Command structure for intel x86
')
The command structure is as follows:
• Optional prefixes (each prefix is ​​1 byte in size)
• Mandatory command opcode (1 or 2 bytes)
• Mod_R / M - baytik, defining the command operand structure - optional.
• Optional bytes occupied by command operands (sometimes divided as one byte of the SIB [Scale, Index, Base], offset and immediate value field).
Prefixes
The following prefixes exist:
The first six change the segment register used by the command when accessing a memory cell.

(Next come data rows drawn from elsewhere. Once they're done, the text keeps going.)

(* Let $\mathbb{K}$ be a field of characteristic zero, let $t\in\mathbb{K}\setminus\{0,1\}$, and let $\mathfrak{g}$ be a finite-dimensional perfect Lie algebra over $\mathbb{K}$, i.e. $\mathfrak{g}^{(2)}=\mathfrak{g}$. Then $\mathcal{D}(t,1,0)(\mathfrak{g})=\{0\}$.
   Context: For a Lie algebra $\mathfrak{g}=(V,\mu)$, the derived algebra $\mathfrak{g}^{(2)}$ is the linear span of all products $\mu(X,Y)$. $\mathcal{D}(t,1,0)(\mathfrak{g})$ denotes the space of $(t,1,0)$-derivations of $\mathfrak{g}$: linear maps $D:V\to V$ with $tD\mu(X,Y)=\mu(DX,Y)$ for all $X,Y\in V$. *)

From HB Require Import structures.
From mathcomp Require Import all_boot all_order all_algebra.
Set Implicit Arguments. Unset Strict Implicit. Unset Printing Implicit Defensive.
Import GRing.Theory.
Local Open Scope ring_scope.

Definition is_lie_bracket (K : fieldType) (V : vectType K) (mu : V -> V -> V) : Prop :=
  [/\ (forall (a : K) (x y z : V), mu (a *: x + y) z = a *: mu x z + mu y z),
      (forall (a : K) (x y z : V), mu x (a *: y + z) = a *: mu x y + mu x z),
      (forall x : V, mu x x = 0) &
      (forall x y z : V, mu x (mu y z) + mu y (mu z x) + mu z (mu x y) = 0)].

Definition in_derived (K : fieldType) (V : vectType K) (mu : V -> V -> V) (v : V) : Prop :=
  exists (n : nat) (c : 'I_n -> K) (x y : 'I_n -> V),
    v = \sum_(i < n) c i *: mu (x i) (y i).

Definition perfect (K : fieldType) (V : vectType K) (mu : V -> V -> V) : Prop :=
  forall v : V, in_derived mu v.

Definition is_t10_derivation (K : fieldType) (V : vectType K) (mu : V -> V -> V)
    (t : K) (D : 'End(V)) : Prop :=
  forall x y : V, t *: D (mu x y) = mu (D x) y.

(* Write [x, y] for mu x y.  Antisymmetry turns the defining identity
   t D[x, y] = [D x, y] into [D x, y] = [x, D y] = t D[x, y], so every double
   bracket Q(x, y, z) := [[D x, y], z] equals t^2 D[[x, y], z].  The Jacobi
   identity for x, y, z gives Q(x, y, z) + Q(y, z, x) + Q(z, x, y) = 0, while
   the Jacobi identity for D x, y, z gives the same sum with the middle term
   weighted by 1/t.  Hence (t - 1) Q = 0, so D vanishes on [[g, g], g], which is
   g itself when g is perfect. *)

From HB Require Import structures.
From mathcomp Require Import all_boot all_order all_algebra.
Local Open Scope ring_scope.
Import GRing.Theory.

Set Implicit Arguments.
Unset Strict Implicit.

Section LieBracket.

Variables (K : fieldType) (V : vectType K) (mu : V -> V -> V).
Hypothesis mu_lie : is_lie_bracket mu.

Lemma bracketDl x y z : mu (x + y) z = mu x z + mu y z.
Proof. by case: mu_lie => linl _ _ _; rewrite -{1}(scale1r x) linl scale1r. Qed.

Lemma bracketDr x y z : mu z (x + y) = mu z x + mu z y.
Proof. by case: mu_lie => _ linr _ _; rewrite -{1}(scale1r x) linr scale1r. Qed.

Lemma bracket0l z : mu 0 z = 0.
Proof. by apply/eqP; rewrite -[X in X == _](addrK (mu 0 z)) -bracketDl addr0 subrr. Qed.

Lemma bracketZl a x z : mu (a *: x) z = a *: mu x z.
Proof. by case: mu_lie => linl _ _ _; rewrite -(addr0 (a *: x)) linl bracket0l addr0. Qed.

Lemma bracket_suml n (c : 'I_n -> K) (w : 'I_n -> V) z :
  mu (\sum_(i < n) c i *: w i) z = \sum_(i < n) c i *: mu (w i) z.
Proof.
apply: (big_rec2 (fun u v => mu u z = v)); first exact: bracket0l.
by move=> i u v _ <-; rewrite bracketDl bracketZl.
Qed.

Lemma bracket_antisym x y : mu x y = - mu y x.
Proof.
case: mu_lie => _ _ alt _; have := alt (x + y).
rewrite bracketDl !bracketDr !alt add0r addr0 => /eqP.
by rewrite addr_eq0 => /eqP.
Qed.

Lemma bracket_jacobil x y z : mu (mu x y) z + mu (mu y z) x + mu (mu z x) y = 0.
Proof.
case: mu_lie => _ _ _ jacobi.
rewrite !(bracket_antisym (mu _ _)) -!opprD -[RHS]oppr0 -(jacobi z x y).
by rewrite addrC addrA.
Qed.

Lemma lfun_eq0_on_derived (f : 'End(V)) v :
  (forall x y, f (mu x y) = 0) -> in_derived mu v -> f v = 0.
Proof.
move=> f_bracket [n [c [x [y ->]]]].
by rewrite linear_sum big1 // => i _; rewrite linearZ /= f_bracket scaler0.
Qed.

Lemma lfun_eq0_on_derived_bracketl (f : 'End(V)) u z :
  (forall x y, f (mu (mu x y) z) = 0) -> in_derived mu u -> f (mu u z) = 0.
Proof.
move=> f_bracket [n [c [x [y ->]]]].
rewrite bracket_suml linear_sum big1 // => i _.
by rewrite linearZ /= f_bracket scaler0.
Qed.

Section T10Derivation.

Variables (t : K) (D : 'End(V)).
Hypothesis D_t10 : is_t10_derivation mu t D.

Lemma t10_derivation_bracketr x y : mu x (D y) = t *: D (mu x y).
Proof. by rewrite bracket_antisym -D_t10 (bracket_antisym y) linearN scalerN opprK. Qed.

Lemma t10_derivation_swap x y : mu (D x) y = mu x (D y).
Proof. by rewrite t10_derivation_bracketr D_t10. Qed.

Lemma t10_derivation_double_bracket x y z :
  mu (mu (D x) y) z = t ^+ 2 *: D (mu (mu x y) z).
Proof. by rewrite -D_t10 bracketZl -D_t10 scalerA expr2. Qed.

Lemma t10_derivation_double_bracket_cycle x y z :
  mu (mu (D x) y) z + mu (mu (D y) z) x + mu (mu (D z) x) y = 0.
Proof.
rewrite !t10_derivation_double_bracket -!scalerDr -!linearD /=.
by rewrite bracket_jacobil linear0 scaler0.
Qed.

Lemma t10_derivation_double_bracket_twisted_cycle x y z :
  t *: mu (mu (D x) y) z + mu (mu (D y) z) x + t *: mu (mu (D z) x) y = 0.
Proof.
have jacobi := bracket_jacobil (D x) y z.
have middle : mu (mu (D y) z) x = t *: mu (mu y z) (D x).
  by rewrite t10_derivation_double_bracket t10_derivation_bracketr scalerA.
rewrite middle (t10_derivation_swap z).
by rewrite -!scalerDr jacobi scaler0.
Qed.

Lemma t10_derivation_double_bracket_eq0 x y z : (t - 1) *: mu (mu (D x) y) z = 0.
Proof.
have twisted := t10_derivation_double_bracket_twisted_cycle z x y.
rewrite -(scaler0 _ t) -(t10_derivation_double_bracket_cycle z x y) in twisted.
move: twisted; rewrite !scalerDr => /addIr /addrI tQ.
by rewrite scalerBl scale1r -tQ subrr.
Qed.

End T10Derivation.

End LieBracket.

Unset Implicit Arguments.

Theorem theorem3p3 (K : fieldType) (V : vectType K) (mu : V -> V -> V) (t : K) :
  [pchar K] =i pred0 ->
  t != 0 -> t != 1 ->
  is_lie_bracket mu ->
  perfect mu ->
  forall D : 'End(V), is_t10_derivation mu t D -> D = 0.
Proof.
move=> _ t_neq0 t_neq1 mu_lie mu_perfect D D_t10.
have D_triple x y z : D (mu (mu x y) z) = 0.
  have := t10_derivation_double_bracket_eq0 mu_lie D_t10 x y z.
  rewrite (t10_derivation_double_bracket mu_lie D_t10) scalerA => /eqP.
  by rewrite scaler_eq0 !mulf_eq0 subr_eq0 (negbTE t_neq0) (negbTE t_neq1) => /eqP.
have D_bracket u z : D (mu u z) = 0.
  exact: lfun_eq0_on_derived_bracketl (fun x y => D_triple x y z) (mu_perfect u).
apply/lfunP => v; rewrite lfunE /=.
exact: lfun_eq0_on_derived (mu_perfect v).
Qed.
Lemma Cexp_sub_lin_bound (h : C) :
  Cmod h <= 1/2 -> Cmod (Cexp h - 1 - h)%C <= 8 * Cmod h ^ 2.
Proof.
  destruct h as [a b]; intros Hr.
  pose proof (Rmax_Cmod (a, b)) as M; cbn [fst snd] in M.
  assert (Ha : Rabs a <= Cmod (a, b)) by (eapply Rle_trans; [apply Rmax_l | exact M]).
  assert (Hb : Rabs b <= Cmod (a, b)) by (eapply Rle_trans; [apply Rmax_r | exact M]).
  replace (Cexp (a, b) - 1 - (a, b))%C with (exp a * cos b - 1 - a, exp a * sin b - b)
    by (unfold Cexp, Cminus, Cplus, Copp, RtoC; cbn [fst snd Re Im]; f_equal; ring).
  eapply Rle_trans; [apply Cmod_le_Rabs_add |].
  pose proof (exp_cos_remainder_bound a b _ Ha Hb Hr).
  pose proof (exp_sin_remainder_bound a b _ Ha Hb Hr).
  lra.
Qed.

(* Coquelicot's product and chain rules are stated in [AbsRing_NormedModule C_AbsRing];
   [simple_root] uses [C_NormedModule], which carries the same norm. *)
Local Notation is_C_derive := (@is_derive C_AbsRing (AbsRing_NormedModule C_AbsRing)).

Lemma is_C_derive_eq (f : C -> C) (z d d' : C) :
  is_C_derive f z d -> d = d' -> is_C_derive f z d'.
Proof. now intros H <-. Qed.

Lemma is_C_derive_plus (f g : C -> C) (z df dg : C) :
  is_C_derive f z df -> is_C_derive g z dg -> is_C_derive (fun s => f s + g s)%C z (df + dg)%C.
Proof. exact (is_derive_plus (V := AbsRing_NormedModule C_AbsRing) f g z df dg). Qed.

Lemma is_C_derive_minus (f g : C -> C) (z df dg : C) :
  is_C_derive f z df -> is_C_derive g z dg -> is_C_derive (fun s => f s - g s)%C z (df - dg)%C.
Proof. exact (is_derive_minus (V := AbsRing_NormedModule C_AbsRing) f g z df dg). Qed.

Lemma is_C_derive_mult (f g : C -> C) (z df dg : C) :
  is_C_derive f z df -> is_C_derive g z dg ->
  is_C_derive (fun s => f s * g s)%C z (df * g z + f z * dg)%C.
Proof. intros Hf Hg; exact (is_derive_mult f g z df dg Hf Hg Cmult_comm). Qed.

• 0x26 - prefix for replacing ES segment
• 0x2E - CS segment replacement prefix
• 0x36 - SS segment replacement prefix
• 0x3E - DS segment replacement prefix
• 0x64 - FS segment replacement prefix
• 0x65 - GS segment replacement prefix
• 0x0F - prefix for additional commands (sometimes it is not considered to be a real prefix - in this case, the opcode of a command is considered to consist of two bytes, the first of which is 0x0F)
• 0x66 - operand size override prefix (for example, ax will be used instead of eax)
• 0x67 - address size override prefix (see below)
• 0x9B - wait prefix (WAIT)
• 0xF0 - blocking prefix (LOCK with its help realizes synchronization of multi-threaded applications)
• 0xF2 - REPNZ command repeat prefix - work with byte sequences (strings)
• 0xF3 - prefix repeat command REP - work with byte sequences (strings)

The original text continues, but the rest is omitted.